● What is needed: No line before the one containing "as [e1 H1]." should appear; that line and all lines after it, through the end of the data, are to be set down exactly.

(Entries taken from a collection)
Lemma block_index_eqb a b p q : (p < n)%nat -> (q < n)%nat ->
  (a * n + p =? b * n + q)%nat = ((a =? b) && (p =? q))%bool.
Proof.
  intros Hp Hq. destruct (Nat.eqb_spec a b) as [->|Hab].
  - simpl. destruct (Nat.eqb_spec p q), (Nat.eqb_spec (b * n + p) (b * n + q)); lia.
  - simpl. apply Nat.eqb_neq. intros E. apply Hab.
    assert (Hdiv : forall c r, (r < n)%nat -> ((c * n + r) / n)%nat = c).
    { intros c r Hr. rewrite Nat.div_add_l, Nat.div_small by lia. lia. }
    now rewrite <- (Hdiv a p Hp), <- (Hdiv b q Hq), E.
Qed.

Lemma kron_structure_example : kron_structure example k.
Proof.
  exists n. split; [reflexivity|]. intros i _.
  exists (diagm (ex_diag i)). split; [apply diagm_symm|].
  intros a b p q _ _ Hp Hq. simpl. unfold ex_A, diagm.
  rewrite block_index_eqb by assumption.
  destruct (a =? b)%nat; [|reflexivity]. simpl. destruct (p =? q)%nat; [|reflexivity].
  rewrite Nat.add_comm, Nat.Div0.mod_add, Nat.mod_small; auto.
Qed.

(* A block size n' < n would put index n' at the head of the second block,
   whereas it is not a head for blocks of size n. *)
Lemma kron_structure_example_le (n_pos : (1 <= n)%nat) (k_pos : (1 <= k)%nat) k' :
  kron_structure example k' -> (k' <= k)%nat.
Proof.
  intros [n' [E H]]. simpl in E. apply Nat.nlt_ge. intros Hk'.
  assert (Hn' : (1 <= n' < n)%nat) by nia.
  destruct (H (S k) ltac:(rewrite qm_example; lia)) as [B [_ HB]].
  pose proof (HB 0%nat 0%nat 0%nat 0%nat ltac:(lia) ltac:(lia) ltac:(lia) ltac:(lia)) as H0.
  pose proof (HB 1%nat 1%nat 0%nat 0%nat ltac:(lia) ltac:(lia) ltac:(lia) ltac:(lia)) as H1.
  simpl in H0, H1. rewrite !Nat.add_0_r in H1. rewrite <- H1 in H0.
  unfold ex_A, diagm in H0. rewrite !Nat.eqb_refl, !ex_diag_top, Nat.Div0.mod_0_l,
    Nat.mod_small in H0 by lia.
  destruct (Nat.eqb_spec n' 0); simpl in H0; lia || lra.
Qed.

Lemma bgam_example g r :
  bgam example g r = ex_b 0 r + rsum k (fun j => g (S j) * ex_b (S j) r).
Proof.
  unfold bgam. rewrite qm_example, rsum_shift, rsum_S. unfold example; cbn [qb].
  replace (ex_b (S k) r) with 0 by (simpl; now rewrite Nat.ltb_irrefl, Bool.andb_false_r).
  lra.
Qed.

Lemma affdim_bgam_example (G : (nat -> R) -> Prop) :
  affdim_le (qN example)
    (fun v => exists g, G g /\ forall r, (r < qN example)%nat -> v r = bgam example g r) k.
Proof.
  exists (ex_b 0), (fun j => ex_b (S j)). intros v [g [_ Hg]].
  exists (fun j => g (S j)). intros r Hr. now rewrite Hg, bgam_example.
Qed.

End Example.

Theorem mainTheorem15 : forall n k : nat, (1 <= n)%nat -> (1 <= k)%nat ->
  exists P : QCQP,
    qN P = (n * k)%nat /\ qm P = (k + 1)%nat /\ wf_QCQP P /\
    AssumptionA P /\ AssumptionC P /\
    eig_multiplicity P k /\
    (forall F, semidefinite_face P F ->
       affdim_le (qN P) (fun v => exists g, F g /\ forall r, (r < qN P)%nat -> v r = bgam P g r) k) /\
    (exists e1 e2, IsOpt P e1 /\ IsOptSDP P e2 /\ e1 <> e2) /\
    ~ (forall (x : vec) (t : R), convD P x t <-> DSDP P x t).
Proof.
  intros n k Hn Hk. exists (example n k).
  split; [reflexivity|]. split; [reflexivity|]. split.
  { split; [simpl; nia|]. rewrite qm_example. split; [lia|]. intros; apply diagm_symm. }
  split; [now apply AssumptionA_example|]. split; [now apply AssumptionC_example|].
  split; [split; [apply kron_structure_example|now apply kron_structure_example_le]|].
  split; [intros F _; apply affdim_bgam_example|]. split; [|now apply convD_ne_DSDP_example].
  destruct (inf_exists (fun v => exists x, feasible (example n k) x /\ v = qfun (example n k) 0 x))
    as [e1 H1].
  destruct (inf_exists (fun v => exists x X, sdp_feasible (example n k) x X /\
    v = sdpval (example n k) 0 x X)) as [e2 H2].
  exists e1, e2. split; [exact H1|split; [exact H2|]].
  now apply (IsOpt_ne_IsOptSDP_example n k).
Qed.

● Problem solution:
    as [e1 H1].
  destruct (inf_exists (fun v => exists x X, sdp_feasible (example n k) x X /\
    v = sdpval (example n k) 0 x X)) as [e2 H2].
  exists e1, e2. split; [exact H1|split; [exact H2|]].
  now apply (IsOpt_ne_IsOptSDP_example n k).
Qed.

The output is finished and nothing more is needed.